__EXERCISE REQUIREMENTS__
Please keep to the lines below from the one with "by rewrite lt_eqF." through the one with "(HK : (1 <= K)%nat) (HD : (1 <= D)%nat)", and restate them word for word, ends included.

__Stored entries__
______

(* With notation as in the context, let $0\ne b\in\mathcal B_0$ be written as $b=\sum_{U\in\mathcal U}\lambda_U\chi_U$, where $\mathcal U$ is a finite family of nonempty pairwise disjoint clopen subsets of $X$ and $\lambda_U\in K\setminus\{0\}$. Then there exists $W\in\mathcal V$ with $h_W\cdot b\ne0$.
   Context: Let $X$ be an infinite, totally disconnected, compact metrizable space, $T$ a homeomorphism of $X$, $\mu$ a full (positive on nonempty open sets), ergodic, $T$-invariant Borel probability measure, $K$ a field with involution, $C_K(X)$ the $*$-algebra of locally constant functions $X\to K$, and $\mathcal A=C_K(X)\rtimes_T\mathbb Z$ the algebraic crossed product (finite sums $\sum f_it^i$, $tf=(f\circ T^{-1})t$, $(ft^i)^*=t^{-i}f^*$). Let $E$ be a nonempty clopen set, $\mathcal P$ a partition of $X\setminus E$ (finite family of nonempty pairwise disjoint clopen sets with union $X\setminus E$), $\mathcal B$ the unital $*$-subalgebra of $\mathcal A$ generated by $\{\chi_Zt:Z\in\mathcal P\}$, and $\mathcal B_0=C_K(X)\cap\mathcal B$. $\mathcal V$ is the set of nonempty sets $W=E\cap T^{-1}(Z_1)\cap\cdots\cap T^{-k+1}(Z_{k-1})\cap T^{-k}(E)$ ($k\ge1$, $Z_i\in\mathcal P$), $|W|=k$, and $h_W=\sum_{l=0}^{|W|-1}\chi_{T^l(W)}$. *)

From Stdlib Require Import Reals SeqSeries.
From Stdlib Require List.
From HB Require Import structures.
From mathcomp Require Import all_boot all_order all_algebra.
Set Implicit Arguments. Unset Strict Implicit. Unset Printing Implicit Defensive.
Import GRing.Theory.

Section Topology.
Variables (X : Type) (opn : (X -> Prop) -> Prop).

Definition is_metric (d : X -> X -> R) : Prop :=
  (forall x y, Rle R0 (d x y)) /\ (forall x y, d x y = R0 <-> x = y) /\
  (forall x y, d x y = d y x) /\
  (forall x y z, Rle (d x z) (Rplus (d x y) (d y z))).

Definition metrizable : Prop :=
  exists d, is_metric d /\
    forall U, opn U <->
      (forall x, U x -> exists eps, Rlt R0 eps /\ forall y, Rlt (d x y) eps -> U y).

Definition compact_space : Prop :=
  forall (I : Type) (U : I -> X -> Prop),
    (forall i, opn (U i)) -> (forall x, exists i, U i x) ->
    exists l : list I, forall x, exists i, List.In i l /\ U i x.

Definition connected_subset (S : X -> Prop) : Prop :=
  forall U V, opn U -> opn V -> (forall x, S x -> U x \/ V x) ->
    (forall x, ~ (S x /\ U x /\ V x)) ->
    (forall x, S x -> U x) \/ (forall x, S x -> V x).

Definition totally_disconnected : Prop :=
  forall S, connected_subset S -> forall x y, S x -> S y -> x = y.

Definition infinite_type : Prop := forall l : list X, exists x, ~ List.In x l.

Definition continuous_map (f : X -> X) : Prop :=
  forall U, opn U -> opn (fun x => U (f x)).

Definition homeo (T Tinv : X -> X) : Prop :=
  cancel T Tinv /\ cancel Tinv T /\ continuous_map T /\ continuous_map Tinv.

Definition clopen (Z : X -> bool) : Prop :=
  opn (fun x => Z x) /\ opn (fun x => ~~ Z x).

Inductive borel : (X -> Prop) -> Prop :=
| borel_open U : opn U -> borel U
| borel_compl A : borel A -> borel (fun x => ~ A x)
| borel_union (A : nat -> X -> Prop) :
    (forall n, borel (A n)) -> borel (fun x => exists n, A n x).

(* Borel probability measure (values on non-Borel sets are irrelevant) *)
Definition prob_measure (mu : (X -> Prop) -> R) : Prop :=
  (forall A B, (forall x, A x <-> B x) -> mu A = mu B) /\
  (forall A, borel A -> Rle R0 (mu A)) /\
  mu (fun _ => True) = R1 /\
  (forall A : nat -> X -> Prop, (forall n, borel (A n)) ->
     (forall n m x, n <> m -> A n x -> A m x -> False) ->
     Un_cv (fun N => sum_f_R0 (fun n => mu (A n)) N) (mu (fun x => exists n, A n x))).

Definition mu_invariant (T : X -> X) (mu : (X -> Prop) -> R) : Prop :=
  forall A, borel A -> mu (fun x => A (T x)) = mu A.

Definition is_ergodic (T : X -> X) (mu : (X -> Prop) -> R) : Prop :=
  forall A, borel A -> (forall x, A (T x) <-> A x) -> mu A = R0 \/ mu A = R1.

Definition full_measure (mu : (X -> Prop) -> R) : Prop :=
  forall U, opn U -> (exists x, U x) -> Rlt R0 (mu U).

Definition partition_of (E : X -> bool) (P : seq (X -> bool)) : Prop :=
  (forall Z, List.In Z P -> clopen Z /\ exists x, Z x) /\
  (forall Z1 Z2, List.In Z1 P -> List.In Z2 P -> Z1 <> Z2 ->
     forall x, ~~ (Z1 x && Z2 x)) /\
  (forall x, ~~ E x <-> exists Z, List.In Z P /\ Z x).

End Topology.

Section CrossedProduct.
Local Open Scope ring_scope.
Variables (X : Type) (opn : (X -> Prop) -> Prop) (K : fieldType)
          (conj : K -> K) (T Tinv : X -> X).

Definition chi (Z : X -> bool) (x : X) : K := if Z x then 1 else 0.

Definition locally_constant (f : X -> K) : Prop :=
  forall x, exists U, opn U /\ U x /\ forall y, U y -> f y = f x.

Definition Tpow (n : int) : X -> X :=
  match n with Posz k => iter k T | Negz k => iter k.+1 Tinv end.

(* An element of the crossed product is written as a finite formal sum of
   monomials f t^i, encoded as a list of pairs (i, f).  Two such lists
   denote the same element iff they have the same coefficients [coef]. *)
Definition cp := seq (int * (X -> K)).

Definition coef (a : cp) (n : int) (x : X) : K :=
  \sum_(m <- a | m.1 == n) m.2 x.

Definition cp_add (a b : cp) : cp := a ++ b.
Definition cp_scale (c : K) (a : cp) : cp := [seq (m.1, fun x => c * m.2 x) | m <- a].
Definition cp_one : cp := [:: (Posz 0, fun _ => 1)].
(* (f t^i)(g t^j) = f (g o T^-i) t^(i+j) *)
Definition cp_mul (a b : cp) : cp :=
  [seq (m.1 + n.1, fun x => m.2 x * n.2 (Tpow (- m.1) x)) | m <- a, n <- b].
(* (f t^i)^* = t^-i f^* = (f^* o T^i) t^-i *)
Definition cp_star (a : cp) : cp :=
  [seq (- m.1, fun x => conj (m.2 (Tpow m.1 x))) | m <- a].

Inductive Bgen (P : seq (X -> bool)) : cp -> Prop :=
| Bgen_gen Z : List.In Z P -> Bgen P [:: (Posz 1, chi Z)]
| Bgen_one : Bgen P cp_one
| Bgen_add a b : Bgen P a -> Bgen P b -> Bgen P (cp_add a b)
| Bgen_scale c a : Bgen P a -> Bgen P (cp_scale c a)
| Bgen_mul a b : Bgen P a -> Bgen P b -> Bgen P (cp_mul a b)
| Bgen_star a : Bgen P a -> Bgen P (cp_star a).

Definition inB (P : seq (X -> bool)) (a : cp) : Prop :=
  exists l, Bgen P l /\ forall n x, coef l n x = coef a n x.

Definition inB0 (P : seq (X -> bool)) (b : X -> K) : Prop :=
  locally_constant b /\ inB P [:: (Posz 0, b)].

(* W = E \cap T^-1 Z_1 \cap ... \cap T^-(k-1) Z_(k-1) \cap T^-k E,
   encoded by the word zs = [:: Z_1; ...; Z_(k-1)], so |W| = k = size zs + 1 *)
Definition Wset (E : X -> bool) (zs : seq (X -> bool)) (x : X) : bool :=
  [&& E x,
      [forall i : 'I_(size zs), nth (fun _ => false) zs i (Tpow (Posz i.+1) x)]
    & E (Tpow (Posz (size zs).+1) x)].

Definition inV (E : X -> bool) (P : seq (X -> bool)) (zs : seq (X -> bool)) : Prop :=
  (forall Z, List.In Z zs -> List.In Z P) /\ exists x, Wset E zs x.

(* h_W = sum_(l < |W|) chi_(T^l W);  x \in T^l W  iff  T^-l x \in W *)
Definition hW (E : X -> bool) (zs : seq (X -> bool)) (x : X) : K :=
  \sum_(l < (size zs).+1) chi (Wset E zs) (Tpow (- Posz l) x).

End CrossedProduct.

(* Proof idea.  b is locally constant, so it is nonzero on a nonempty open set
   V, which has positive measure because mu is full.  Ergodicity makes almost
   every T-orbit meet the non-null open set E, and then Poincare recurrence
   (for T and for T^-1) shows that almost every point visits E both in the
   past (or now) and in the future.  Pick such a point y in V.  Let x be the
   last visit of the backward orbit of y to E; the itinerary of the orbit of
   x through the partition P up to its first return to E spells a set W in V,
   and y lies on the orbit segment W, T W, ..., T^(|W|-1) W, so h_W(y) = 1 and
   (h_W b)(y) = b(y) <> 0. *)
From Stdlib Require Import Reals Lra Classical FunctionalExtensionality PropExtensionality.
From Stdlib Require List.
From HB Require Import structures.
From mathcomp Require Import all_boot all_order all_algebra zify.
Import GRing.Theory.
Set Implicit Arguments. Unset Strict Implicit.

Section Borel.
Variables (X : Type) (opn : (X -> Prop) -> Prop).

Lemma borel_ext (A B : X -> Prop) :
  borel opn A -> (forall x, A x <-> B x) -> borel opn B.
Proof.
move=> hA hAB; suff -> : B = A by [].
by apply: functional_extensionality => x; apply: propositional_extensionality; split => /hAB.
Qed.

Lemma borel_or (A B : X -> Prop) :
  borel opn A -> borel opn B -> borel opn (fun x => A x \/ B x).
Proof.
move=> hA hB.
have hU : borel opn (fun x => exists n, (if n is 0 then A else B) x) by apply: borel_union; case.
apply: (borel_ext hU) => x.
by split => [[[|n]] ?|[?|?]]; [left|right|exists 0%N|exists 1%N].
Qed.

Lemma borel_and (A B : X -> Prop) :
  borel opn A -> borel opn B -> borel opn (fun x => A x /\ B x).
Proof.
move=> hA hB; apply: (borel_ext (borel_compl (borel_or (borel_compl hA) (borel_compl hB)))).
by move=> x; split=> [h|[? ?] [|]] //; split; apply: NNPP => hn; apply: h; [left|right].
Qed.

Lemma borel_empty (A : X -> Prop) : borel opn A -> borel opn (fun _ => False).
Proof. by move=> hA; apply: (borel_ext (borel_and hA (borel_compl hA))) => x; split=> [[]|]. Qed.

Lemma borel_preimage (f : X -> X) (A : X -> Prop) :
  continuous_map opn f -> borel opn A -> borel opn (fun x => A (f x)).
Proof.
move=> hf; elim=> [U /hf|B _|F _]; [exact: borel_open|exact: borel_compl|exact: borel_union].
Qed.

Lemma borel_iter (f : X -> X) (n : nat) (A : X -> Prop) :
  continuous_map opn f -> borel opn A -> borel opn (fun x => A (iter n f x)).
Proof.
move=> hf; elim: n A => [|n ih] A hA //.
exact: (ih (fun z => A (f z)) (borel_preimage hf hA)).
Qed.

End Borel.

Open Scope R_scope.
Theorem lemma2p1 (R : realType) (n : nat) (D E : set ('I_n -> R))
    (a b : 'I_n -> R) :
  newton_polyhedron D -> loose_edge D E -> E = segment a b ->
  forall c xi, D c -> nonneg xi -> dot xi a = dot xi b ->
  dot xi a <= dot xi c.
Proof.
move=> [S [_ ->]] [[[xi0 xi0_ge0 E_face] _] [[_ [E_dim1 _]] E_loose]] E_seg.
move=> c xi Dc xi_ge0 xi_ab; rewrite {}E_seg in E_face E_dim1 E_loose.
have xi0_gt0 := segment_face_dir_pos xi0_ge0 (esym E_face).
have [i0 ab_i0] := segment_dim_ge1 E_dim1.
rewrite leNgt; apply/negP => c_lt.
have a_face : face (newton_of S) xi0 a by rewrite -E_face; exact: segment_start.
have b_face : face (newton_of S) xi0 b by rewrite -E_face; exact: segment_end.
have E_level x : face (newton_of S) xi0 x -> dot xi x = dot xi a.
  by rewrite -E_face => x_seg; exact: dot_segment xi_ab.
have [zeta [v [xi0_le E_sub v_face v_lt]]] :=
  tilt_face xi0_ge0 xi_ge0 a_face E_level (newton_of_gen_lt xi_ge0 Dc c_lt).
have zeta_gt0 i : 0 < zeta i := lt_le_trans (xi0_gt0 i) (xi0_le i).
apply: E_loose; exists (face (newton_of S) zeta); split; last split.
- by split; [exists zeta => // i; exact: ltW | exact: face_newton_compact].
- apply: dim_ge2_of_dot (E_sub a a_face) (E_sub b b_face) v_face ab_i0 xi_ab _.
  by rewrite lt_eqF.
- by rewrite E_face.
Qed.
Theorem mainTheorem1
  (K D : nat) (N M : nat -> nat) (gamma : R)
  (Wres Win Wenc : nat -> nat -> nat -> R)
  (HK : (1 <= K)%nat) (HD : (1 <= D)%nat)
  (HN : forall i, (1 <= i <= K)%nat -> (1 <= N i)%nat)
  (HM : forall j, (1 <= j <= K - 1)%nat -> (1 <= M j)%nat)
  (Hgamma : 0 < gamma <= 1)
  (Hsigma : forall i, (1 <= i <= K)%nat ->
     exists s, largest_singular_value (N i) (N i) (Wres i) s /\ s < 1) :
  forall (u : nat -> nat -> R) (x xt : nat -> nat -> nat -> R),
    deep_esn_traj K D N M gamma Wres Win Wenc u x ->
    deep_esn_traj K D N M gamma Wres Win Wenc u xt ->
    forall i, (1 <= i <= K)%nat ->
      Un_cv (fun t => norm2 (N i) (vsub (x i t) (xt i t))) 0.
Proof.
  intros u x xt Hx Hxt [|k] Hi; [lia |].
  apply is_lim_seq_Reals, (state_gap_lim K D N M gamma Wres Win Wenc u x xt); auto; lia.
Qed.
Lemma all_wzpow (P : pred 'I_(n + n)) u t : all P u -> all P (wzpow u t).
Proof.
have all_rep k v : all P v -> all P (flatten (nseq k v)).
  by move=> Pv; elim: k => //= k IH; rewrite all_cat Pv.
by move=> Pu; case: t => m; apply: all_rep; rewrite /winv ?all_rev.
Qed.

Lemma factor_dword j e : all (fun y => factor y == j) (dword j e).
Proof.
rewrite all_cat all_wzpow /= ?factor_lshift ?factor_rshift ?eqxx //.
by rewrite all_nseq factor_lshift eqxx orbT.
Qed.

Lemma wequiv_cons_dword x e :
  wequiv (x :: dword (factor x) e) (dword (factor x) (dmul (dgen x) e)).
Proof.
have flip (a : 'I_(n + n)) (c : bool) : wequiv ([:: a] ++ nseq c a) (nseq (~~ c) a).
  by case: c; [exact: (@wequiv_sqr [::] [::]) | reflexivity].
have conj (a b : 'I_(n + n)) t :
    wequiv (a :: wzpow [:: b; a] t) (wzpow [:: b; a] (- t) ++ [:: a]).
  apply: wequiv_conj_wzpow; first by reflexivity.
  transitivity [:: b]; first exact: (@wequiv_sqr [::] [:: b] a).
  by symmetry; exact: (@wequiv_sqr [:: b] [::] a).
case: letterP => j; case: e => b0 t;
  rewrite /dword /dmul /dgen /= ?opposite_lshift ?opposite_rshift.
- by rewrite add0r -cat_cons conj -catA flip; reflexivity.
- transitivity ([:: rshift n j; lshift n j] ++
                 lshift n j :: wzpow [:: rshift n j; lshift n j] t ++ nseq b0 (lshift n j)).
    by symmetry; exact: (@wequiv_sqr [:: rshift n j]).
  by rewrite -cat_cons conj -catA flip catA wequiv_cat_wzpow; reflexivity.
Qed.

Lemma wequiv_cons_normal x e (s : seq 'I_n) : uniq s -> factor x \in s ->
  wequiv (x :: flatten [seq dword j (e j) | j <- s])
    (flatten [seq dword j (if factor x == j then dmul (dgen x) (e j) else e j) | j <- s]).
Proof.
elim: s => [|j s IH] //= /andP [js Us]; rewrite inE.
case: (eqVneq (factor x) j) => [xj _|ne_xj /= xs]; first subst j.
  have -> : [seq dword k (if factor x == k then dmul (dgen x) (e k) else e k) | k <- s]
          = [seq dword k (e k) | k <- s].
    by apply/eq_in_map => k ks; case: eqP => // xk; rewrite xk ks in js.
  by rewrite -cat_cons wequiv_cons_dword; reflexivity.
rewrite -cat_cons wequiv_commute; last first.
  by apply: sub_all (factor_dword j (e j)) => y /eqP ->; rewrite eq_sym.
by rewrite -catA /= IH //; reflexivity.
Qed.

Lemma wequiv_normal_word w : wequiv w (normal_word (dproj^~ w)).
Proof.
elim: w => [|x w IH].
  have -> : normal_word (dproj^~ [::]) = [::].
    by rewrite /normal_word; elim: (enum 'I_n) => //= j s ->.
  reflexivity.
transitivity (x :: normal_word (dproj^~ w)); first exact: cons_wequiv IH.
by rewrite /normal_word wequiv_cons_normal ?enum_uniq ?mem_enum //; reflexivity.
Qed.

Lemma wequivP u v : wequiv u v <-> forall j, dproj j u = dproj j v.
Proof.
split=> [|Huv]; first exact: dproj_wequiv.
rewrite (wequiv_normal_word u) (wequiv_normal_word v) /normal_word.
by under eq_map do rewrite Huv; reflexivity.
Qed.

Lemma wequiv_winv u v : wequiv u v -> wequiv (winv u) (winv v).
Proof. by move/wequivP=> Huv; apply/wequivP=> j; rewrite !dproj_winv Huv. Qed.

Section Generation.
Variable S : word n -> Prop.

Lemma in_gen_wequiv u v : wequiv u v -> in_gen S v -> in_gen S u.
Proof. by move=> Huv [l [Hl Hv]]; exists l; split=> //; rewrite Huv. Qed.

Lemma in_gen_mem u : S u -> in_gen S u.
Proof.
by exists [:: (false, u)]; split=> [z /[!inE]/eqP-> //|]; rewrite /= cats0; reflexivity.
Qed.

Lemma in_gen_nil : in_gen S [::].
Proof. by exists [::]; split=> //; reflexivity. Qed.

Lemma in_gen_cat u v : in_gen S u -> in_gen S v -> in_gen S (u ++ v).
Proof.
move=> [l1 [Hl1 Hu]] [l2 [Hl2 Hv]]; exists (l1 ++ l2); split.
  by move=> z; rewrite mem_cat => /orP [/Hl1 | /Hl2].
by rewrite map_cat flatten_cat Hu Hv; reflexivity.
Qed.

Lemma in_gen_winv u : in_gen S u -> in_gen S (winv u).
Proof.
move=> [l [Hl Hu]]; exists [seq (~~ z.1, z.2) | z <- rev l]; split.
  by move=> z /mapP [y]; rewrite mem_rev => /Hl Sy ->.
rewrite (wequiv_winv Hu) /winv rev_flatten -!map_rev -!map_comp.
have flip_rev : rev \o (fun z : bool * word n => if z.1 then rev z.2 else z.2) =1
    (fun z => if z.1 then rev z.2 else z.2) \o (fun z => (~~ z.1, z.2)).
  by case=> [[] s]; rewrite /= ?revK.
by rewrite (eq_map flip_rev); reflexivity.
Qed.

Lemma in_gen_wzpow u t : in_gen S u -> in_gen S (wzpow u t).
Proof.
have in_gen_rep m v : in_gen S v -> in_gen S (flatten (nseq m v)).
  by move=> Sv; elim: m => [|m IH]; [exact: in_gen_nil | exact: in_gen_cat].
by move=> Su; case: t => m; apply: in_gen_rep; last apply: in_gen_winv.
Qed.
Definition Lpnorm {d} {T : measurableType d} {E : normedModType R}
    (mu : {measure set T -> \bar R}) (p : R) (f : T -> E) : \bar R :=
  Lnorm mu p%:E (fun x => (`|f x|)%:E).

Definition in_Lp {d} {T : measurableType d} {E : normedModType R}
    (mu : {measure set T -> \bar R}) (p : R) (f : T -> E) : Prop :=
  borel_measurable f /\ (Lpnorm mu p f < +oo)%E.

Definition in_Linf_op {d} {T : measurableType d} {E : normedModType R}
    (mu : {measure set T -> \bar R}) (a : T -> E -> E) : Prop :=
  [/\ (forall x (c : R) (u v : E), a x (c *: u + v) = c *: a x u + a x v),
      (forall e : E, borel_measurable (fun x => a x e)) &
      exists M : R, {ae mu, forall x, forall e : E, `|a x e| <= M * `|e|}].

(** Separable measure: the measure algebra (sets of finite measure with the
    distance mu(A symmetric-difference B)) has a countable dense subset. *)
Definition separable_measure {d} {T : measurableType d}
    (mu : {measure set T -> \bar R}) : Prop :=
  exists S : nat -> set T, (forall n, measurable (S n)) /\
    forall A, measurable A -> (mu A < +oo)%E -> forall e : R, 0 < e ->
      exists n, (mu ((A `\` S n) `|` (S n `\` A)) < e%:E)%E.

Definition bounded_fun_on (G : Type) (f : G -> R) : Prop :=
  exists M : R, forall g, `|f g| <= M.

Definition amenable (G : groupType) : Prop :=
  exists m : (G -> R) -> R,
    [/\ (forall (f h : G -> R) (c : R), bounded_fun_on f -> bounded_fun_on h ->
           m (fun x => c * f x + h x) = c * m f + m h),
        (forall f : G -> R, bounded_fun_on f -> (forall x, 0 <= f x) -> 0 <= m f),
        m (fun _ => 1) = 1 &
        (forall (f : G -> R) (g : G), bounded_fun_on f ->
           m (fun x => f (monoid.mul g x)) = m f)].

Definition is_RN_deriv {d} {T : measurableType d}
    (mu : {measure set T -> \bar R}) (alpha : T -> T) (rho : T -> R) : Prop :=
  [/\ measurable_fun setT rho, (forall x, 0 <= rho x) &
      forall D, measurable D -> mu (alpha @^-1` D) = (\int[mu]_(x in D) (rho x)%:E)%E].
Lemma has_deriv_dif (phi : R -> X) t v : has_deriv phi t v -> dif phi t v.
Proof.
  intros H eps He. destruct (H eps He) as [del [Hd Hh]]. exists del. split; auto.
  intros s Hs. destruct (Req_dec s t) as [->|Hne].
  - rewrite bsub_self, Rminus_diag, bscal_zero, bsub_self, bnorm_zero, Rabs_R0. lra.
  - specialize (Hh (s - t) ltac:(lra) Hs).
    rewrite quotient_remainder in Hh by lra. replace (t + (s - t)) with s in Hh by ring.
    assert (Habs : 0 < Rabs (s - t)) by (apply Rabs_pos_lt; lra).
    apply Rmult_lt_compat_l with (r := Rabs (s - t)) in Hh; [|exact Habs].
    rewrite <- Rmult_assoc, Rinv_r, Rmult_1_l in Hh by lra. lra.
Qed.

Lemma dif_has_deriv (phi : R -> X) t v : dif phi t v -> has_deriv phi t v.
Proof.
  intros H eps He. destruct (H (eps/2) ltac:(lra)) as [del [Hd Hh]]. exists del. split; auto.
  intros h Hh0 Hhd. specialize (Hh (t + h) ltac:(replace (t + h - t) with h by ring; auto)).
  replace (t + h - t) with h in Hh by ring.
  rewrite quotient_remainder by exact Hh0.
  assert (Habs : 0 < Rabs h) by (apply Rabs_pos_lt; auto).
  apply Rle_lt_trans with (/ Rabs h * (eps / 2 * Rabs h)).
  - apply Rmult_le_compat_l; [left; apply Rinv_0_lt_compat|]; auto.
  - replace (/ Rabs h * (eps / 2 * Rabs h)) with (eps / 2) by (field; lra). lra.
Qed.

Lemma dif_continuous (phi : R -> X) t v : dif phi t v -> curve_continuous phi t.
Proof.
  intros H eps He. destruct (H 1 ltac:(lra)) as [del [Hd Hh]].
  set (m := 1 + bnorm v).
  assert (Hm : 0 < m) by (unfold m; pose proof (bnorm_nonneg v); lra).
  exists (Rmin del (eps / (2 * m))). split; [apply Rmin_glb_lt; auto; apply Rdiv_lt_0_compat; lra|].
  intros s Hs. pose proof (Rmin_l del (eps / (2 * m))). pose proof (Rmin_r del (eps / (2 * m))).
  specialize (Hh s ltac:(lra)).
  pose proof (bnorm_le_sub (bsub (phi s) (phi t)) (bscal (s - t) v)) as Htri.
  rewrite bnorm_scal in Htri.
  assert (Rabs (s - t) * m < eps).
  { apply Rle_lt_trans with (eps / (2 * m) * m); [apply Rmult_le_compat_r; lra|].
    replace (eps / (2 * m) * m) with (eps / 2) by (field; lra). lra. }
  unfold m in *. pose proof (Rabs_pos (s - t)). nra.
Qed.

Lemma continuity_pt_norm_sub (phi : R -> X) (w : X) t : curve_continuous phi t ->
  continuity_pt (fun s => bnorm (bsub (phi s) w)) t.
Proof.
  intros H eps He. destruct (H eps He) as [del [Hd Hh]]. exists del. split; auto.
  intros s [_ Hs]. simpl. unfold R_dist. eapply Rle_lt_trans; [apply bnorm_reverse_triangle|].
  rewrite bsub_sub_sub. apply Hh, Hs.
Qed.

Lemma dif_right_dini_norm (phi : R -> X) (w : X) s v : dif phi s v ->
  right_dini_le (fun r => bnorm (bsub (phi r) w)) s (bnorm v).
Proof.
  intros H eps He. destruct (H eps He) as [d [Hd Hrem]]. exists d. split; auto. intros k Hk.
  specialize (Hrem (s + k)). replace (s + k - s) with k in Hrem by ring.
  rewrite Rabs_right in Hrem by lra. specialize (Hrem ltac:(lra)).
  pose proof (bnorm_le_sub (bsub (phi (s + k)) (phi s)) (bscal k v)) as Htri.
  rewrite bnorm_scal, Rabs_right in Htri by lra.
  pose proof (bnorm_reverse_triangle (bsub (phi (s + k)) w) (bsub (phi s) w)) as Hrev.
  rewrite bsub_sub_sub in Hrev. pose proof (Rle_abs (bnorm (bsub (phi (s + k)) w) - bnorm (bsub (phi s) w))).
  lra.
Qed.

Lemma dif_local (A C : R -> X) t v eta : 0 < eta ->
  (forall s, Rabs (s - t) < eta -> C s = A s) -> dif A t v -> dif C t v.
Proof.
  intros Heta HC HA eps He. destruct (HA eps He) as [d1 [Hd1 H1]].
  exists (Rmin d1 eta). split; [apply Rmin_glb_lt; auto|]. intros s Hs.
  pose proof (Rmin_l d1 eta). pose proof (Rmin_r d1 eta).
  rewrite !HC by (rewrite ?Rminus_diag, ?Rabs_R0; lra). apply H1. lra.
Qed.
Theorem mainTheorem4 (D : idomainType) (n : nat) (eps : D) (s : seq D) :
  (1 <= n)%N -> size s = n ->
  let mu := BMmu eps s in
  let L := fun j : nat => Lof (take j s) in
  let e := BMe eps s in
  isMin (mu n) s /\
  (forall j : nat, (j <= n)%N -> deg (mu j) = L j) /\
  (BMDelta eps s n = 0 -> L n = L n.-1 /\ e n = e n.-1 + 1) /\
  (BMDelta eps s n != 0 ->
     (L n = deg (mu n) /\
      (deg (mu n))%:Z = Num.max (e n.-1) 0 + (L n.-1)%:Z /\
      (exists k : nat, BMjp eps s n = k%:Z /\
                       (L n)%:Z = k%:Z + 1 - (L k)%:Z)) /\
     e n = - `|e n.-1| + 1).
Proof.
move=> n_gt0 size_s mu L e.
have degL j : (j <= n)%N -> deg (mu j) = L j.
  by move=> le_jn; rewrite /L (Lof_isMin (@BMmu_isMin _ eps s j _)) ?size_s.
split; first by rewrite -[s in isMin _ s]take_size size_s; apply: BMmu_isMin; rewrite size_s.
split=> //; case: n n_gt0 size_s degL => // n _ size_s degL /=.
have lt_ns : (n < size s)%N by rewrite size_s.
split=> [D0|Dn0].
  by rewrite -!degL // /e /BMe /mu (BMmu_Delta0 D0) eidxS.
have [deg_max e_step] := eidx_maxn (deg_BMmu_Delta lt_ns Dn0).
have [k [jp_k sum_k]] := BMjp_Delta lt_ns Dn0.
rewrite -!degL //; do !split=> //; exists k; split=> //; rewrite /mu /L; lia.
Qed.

______

__EXERCISE ANSWER__
  by rewrite lt_eqF.
- by rewrite E_face.
Qed.
Theorem mainTheorem1
  (K D : nat) (N M : nat -> nat) (gamma : R)
  (Wres Win Wenc : nat -> nat -> nat -> R)
  (HK : (1 <= K)%nat) (HD : (1 <= D)%nat)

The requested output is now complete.